(* Let $G$ and $H$ be graphs, each with at least two vertices. If there exist $r_1,r_2\in(0,1)$ with $r_1^2+r_2^2=1$ such that $G$ admits a spherical embedding of dimension $\operatorname{sdim}G$ and radius $r_1$ and $H$ admits a spherical embedding of dimension $\operatorname{sdim}H$ and radius $r_2$, then $\dim(G+H)=\operatorname{sdim}G+\operatorname{sdim}H$. Otherwise $\dim(G+H)>\operatorname{sdim}G+\operatorname{sdim}H$.
   Context: All graphs are finite and simple. A unit-distance embedding of a graph $G$ in $\mathbb{R}^n$ is an injective map $f$ from the vertex set of $G$ to $\mathbb{R}^n$ such that $|f(u)-f(v)|=1$ for every edge $uv$ and no point $f(w)$ lies on the segment $[f(u),f(v)]$ for an edge $uv$ with $w\notin\{u,v\}$ (edges may cross one another). The dimension $\dim G$ is the least natural number $n$ such that $G$ has a unit-distance embedding in $\mathbb{R}^n$. $G$ admits a spherical embedding of dimension $k$ and radius $r$ if $G$ has a unit-distance embedding in $\mathbb{R}^k$ all of whose vertices lie on a sphere $\{x\in\mathbb{R}^k:|x-c|=r\}$. The spherical dimension $\operatorname{sdim}G$ is the least $k$ such that $G$ admits a spherical embedding of dimension $k$ and some radius $r<1$ (by convention $\operatorname{sdim}$ of the graph with no vertices is $-\infty$ and $\operatorname{sdim}K_1=0$). The sum $G+H$ is obtained from disjoint copies of $G$ and $H$ by adding all edges between a vertex of $G$ and a vertex of $H$. *)

From HB Require Import structures.
From mathcomp Require Import all_boot all_order all_algebra.
From mathcomp Require Import reals.
Set Implicit Arguments. Unset Strict Implicit. Unset Printing Implicit Defensive.
Import Order.TTheory GRing.Theory Num.Theory.
Local Open Scope ring_scope.

(* A finite simple graph is a finType V with a symmetric irreflexive e : rel V
   (these two properties are assumed as hypotheses where needed). *)

Definition enorm (R : realType) (n : nat) (x : 'rV[R]_n) : R :=
  Num.sqrt (\sum_(i < n) (x 0 i) ^+ 2).

Definition on_segment (R : realType) (n : nat) (a b w : 'rV[R]_n) : Prop :=
  exists t : R, 0 <= t <= 1 /\ w = (1 - t) *: a + t *: b.

Definition unit_dist_emb (R : realType) (V : finType) (e : rel V) (n : nat)
  (f : V -> 'rV[R]_n) : Prop :=
  injective f /\
  (forall u v, e u v -> enorm (f u - f v) = 1) /\
  (forall u v w, e u v -> w != u -> w != v -> ~ on_segment (f u) (f v) (f w)).

Definition embeddable (R : realType) (V : finType) (e : rel V) (n : nat) : Prop :=
  exists f : V -> 'rV[R]_n, unit_dist_emb e f.

Definition is_dim (R : realType) (V : finType) (e : rel V) (n : nat) : Prop :=
  embeddable R e n /\ forall m, (m < n)%N -> ~ embeddable R e m.

Definition sph_embeddable (R : realType) (V : finType) (e : rel V) (k : nat) (r : R) : Prop :=
  exists (f : V -> 'rV[R]_k) (c : 'rV[R]_k),
    unit_dist_emb e f /\ forall v, enorm (f v - c) = r.

Definition sph_small (R : realType) (V : finType) (e : rel V) (k : nat) : Prop :=
  exists r : R, r < 1 /\ sph_embeddable e k r.

Definition is_sdim (R : realType) (V : finType) (e : rel V) (k : nat) : Prop :=
  sph_small R e k /\ forall m, (m < k)%N -> ~ sph_small R e m.

Definition graph_sum (V1 V2 : finType) (e1 : rel V1) (e2 : rel V2) : rel (V1 + V2)%type :=
  fun x y =>
    match x, y with
    | inl a, inl b => e1 a b
    | inr a, inr b => e2 a b
    | _, _ => true
    end.

From HB Require Import structures.
From mathcomp Require Import all_boot all_order all_algebra.
From mathcomp Require Import reals ring lra zify.
From Stdlib Require Import Classical_Prop.
Import Order.TTheory GRing.Theory Num.Theory.
Set Implicit Arguments. Unset Strict Implicit. Unset Printing Implicit Defensive.
Local Open Scope ring_scope.

(* Upper bound: centre spherical embeddings of G (radius r1, in R^k1) and H (radius
   r2, in R^k2) at the origin and place them in the two orthogonal factors of
   R^(k1 + k2); a vertex of G and a vertex of H are then at distance
   sqrt (r1^2 + r2^2), so when r1^2 + r2^2 = 1 this is an embedding of G + H.

   Lower bound: in a unit-distance embedding of G + H in R^n, every difference of two
   vertices of G is orthogonal to every difference of two vertices of H (all cross
   distances are 1), so the affine spans of the two halves have orthogonal directions
   U and W, of dimensions a and b with a + b <= n.  Seen from a fixed vertex of H, G
   lies on a sphere in its affine span, of radius r1 = sqrt (1 - |d'|^2) where d' is
   the offset of that vertex from the span; as G and H have two vertices each,
   0 < r1 < 1, and symmetrically for H.  If a + b = n the offsets are the two
   components of a unit vector along W and U, whence r1^2 + r2^2 = 1. *)

Section InnerProduct.
Variable R : realFieldType.
Implicit Types n : nat.

Definition dot n (x y : 'rV[R]_n) : R := (x *m y^T) 0 0.

Lemma dotE n (x y : 'rV[R]_n) : dot x y = \sum_(i < n) x 0 i * y 0 i.
Proof. by rewrite /dot mxE; apply: eq_bigr => i _; rewrite mxE. Qed.

Lemma dotC n (x y : 'rV[R]_n) : dot x y = dot y x.
Proof. by rewrite !dotE; apply: eq_bigr => i _; rewrite mulrC. Qed.

Lemma dot_mulmx n m (x : 'rV[R]_n) (M : 'M[R]_(n, m)) (y : 'rV[R]_m) :
  dot (x *m M) y = dot x (y *m M^T).
Proof. by rewrite /dot trmx_mul trmxK mulmxA. Qed.

Lemma dotDl n (x y z : 'rV[R]_n) : dot (x + y) z = dot x z + dot y z.
Proof. by rewrite /dot mulmxDl mxE. Qed.

Lemma dotZl n (a : R) (x z : 'rV[R]_n) : dot (a *: x) z = a * dot x z.
Proof. by rewrite /dot -scalemxAl mxE. Qed.

Lemma dotZr n (a : R) (x z : 'rV[R]_n) : dot z (a *: x) = a * dot z x.
Proof. by rewrite dotC dotZl dotC. Qed.

Lemma dotNl n (x z : 'rV[R]_n) : dot (- x) z = - dot x z.
Proof. by rewrite /dot mulNmx mxE. Qed.

Lemma dotBl n (x y z : 'rV[R]_n) : dot (x - y) z = dot x z - dot y z.
Proof. by rewrite dotDl dotNl. Qed.

Lemma dotDr n (x y z : 'rV[R]_n) : dot z (x + y) = dot z x + dot z y.
Proof. by rewrite dotC dotDl !(dotC z). Qed.

Lemma dotBr n (x y z : 'rV[R]_n) : dot z (x - y) = dot z x - dot z y.
Proof. by rewrite dotC dotBl !(dotC z). Qed.

Lemma dot0l n (z : 'rV[R]_n) : dot 0 z = 0.
Proof. by rewrite /dot mul0mx mxE. Qed.

Lemma dot0r n (z : 'rV[R]_n) : dot z 0 = 0.
Proof. by rewrite dotC dot0l. Qed.

Lemma dotNN n (x : 'rV[R]_n) : dot (- x) (- x) = dot x x.
Proof. by rewrite dotNl dotC dotNl opprK. Qed.

Lemma dot_row_mx n m (a c : 'rV[R]_n) (b d : 'rV[R]_m) :
  dot (row_mx a b) (row_mx c d) = dot a c + dot b d.
Proof. by rewrite /dot tr_row_mx mul_row_col mxE. Qed.

Lemma dot_row n m (x : 'rV[R]_n) (Q : 'M[R]_(m, n)) i : dot x (row i Q) = (x *m Q^T) 0 i.
Proof. by rewrite /dot !mxE; apply: eq_bigr => k _; rewrite !mxE. Qed.

Lemma dot_ge0 n (x : 'rV[R]_n) : 0 <= dot x x.
Proof. by rewrite dotE; apply: sumr_ge0 => i _; rewrite -expr2 sqr_ge0. Qed.

Lemma dot_eq0 n (x : 'rV[R]_n) : dot x x = 0 -> x = 0.
Proof.
rewrite dotE => /eqP; rewrite psumr_eq0 => [/allP x0|i _]; last by rewrite -expr2 sqr_ge0.
apply/rowP => i; rewrite mxE; have := x0 i (mem_index_enum _).
by rewrite -expr2 sqrf_eq0 => /eqP.
Qed.

Lemma sphere_point_neq0 n (x : 'rV[R]_n) (r : R) : 0 < r -> dot x x = r ^+ 2 -> x != 0.
Proof.
move=> r_gt0 xr; apply/eqP => x0; move: xr.
by rewrite x0 dot0l => /eqP; rewrite eq_sym sqrf_eq0 gt_eqF.
Qed.

(* If [x, x0] and [y, y0] are two pairs of points at mutual distance 1, then
   [x - x0] is orthogonal to [y - y0]: this is why the two halves of a unit-distance
   embedding of a join live in orthogonal affine subspaces. *)
Lemma unit_cross_orthogonal n (x x0 y y0 : 'rV[R]_n) :
  dot (x - y) (x - y) = 1 -> dot (x - y0) (x - y0) = 1 ->
  dot (x0 - y) (x0 - y) = 1 -> dot (x0 - y0) (x0 - y0) = 1 ->
  dot (x - x0) (y - y0) = 0.
Proof.
rewrite ?dotBl ?dotBr ?dotBl (dotC y x) (dotC y0 x) (dotC y x0) (dotC y0 x0).
by move=> h1 h2 h3 h4; lra.
Qed.

Lemma orthogonal_unit_sum n (d b : 'rV[R]_n) :
  dot d d = 1 -> dot (d + b) (d + b) = 1 -> dot d b = 0 -> b = 0.
Proof.
move=> dd1 db1 db0; apply: dot_eq0.
by move: db1; rewrite dotDl !dotDr (dotC b d) dd1 db0; lra.
Qed.

End InnerProduct.

Section OrthonormalRows.
Variables (R : rcfType) (n : nat).

(* [Q] has orthonormal rows; then [x |-> x *m Q^T] are coordinates on the row space
   of [Q] and [x |-> x *m Q^T *m Q] is the orthogonal projection onto it. *)
Definition orthonormal_rows m (Q : 'M[R]_(m, n)) : Prop := Q *m Q^T = 1%:M.

Lemma orthonormal_proj_id m (Q : 'M[R]_(m, n)) (x : 'rV[R]_n) :
  orthonormal_rows Q -> (x <= Q)%MS -> x *m Q^T *m Q = x.
Proof. by move=> onQ /submxP [D ->]; rewrite -(mulmxA D) onQ mulmx1. Qed.

Lemma orthonormal_dot m (Q : 'M[R]_(m, n)) (x y : 'rV[R]_n) :
  orthonormal_rows Q -> (y <= Q)%MS -> dot (x *m Q^T) (y *m Q^T) = dot x y.
Proof. by move=> onQ yQ; rewrite dot_mulmx trmxK orthonormal_proj_id. Qed.

Lemma residual_orthogonal m (Q : 'M[R]_(m, n)) (u d : 'rV[R]_n) :
  orthonormal_rows Q -> (u <= Q)%MS -> dot u (d - d *m Q^T *m Q) = 0.
Proof.
move=> onQ uQ; rewrite dotBr [dot u (_ *m _)]dotC dot_mulmx dot_mulmx trmxK.
by rewrite orthonormal_proj_id // dotC subrr.
Qed.

Lemma orthonormal_dist m (Q : 'M[R]_(m, n)) (x d : 'rV[R]_n) :
  orthonormal_rows Q -> (x <= Q)%MS ->
  let d' := d - d *m Q^T *m Q in
  dot (x *m Q^T - d *m Q^T) (x *m Q^T - d *m Q^T) = dot (x - d) (x - d) - dot d' d'.
Proof.
move=> onQ xQ d'; set p := d *m Q^T *m Q.
have xpQ : (x - p <= Q)%MS by rewrite addmx_sub ?eqmx_opp ?submxMl.
have -> : x *m Q^T - d *m Q^T = (x - p) *m Q^T.
  by rewrite mulmxBl -(mulmxA _ Q) onQ mulmx1.
have -> : x - d = (x - p) - d' by rewrite /d' opprB addrA subrK.
have := residual_orthogonal d onQ xpQ; rewrite orthonormal_dot // -/p -/d'.
by move: (x - p) d' => u e ue0; rewrite dotBl !dotBr (dotC e u) ue0; lra.
Qed.

Lemma orthonormal_rows_le m (Q : 'M[R]_(m, n)) : orthonormal_rows Q -> (m <= n)%N.
Proof. exact: mulmx1_min. Qed.

(* With at least [n] rows, an orthonormal family is an orthonormal basis, so its
   columns are orthonormal too. *)
Lemma orthonormal_complete m (Q : 'M[R]_(m, n)) :
  orthonormal_rows Q -> (n <= m)%N -> Q^T *m Q = 1%:M.
Proof.
move=> onQ le_nm.
have full : row_full Q.
  rewrite /row_full eqn_leq rank_leq_col (leq_trans le_nm) //.
  by apply: (mulmx1_min_rank (M := 1%:M) (N := Q^T)); rewrite mul1mx.
have [X XQ1] := row_fullP full.
have QM0 : Q *m (Q^T *m Q - 1%:M) = 0 by rewrite mulmxBr mulmxA onQ mul1mx mulmx1 subrr.
apply/eqP; rewrite -subr_eq0; apply/eqP; move: QM0; set M := _ - _ => QM0.
by rewrite -[M]mul1mx -XQ1 -mulmxA QM0 mulmx0.
Qed.

Lemma orthonormal_col_mx a b (QU : 'M[R]_(a, n)) (QW : 'M[R]_(b, n)) :
  orthonormal_rows QU -> orthonormal_rows QW -> QU *m QW^T = 0 ->
  orthonormal_rows (col_mx QU QW).
Proof.
move=> onU onW UW0; have WU0 : QW *m QU^T = 0 by rewrite -[QW]trmxK -trmx_mul UW0 trmx0.
by rewrite /orthonormal_rows tr_col_mx mul_col_row onU onW UW0 WU0 -scalar_mx_block.
Qed.

Lemma orthonormal_cons r (Q : 'M[R]_(r, n)) (w : 'rV[R]_n) :
  orthonormal_rows Q -> w *m Q^T = 0 -> w != 0 ->
  orthonormal_rows (col_mx ((Num.sqrt (dot w w))^-1 *: w) Q).
Proof.
move=> onQ wQ0 w_neq0; set s := (Num.sqrt (dot w w))^-1.
have ww_gt0 : 0 < dot w w.
  by rewrite lt_def dot_ge0 andbT; apply: contra w_neq0 => /eqP/dot_eq0/eqP.
apply: orthonormal_col_mx => //; last first.
  by rewrite -scalemxAl wQ0 scaler0.
apply/rowP => i; rewrite ord1 -/(dot _ _) dotZl dotZr mulrA -expr2 /s exprVn.
by rewrite sqr_sqrtr ?dot_ge0 // mulVf ?gt_eqF // !mxE.
Qed.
——————
## YOUR TASK
Wherever the string "Section" appears in the records above, copy the line it sits in.

## WRITTEN SOLUTION
Section InnerProduct.
Section OrthonormalRows.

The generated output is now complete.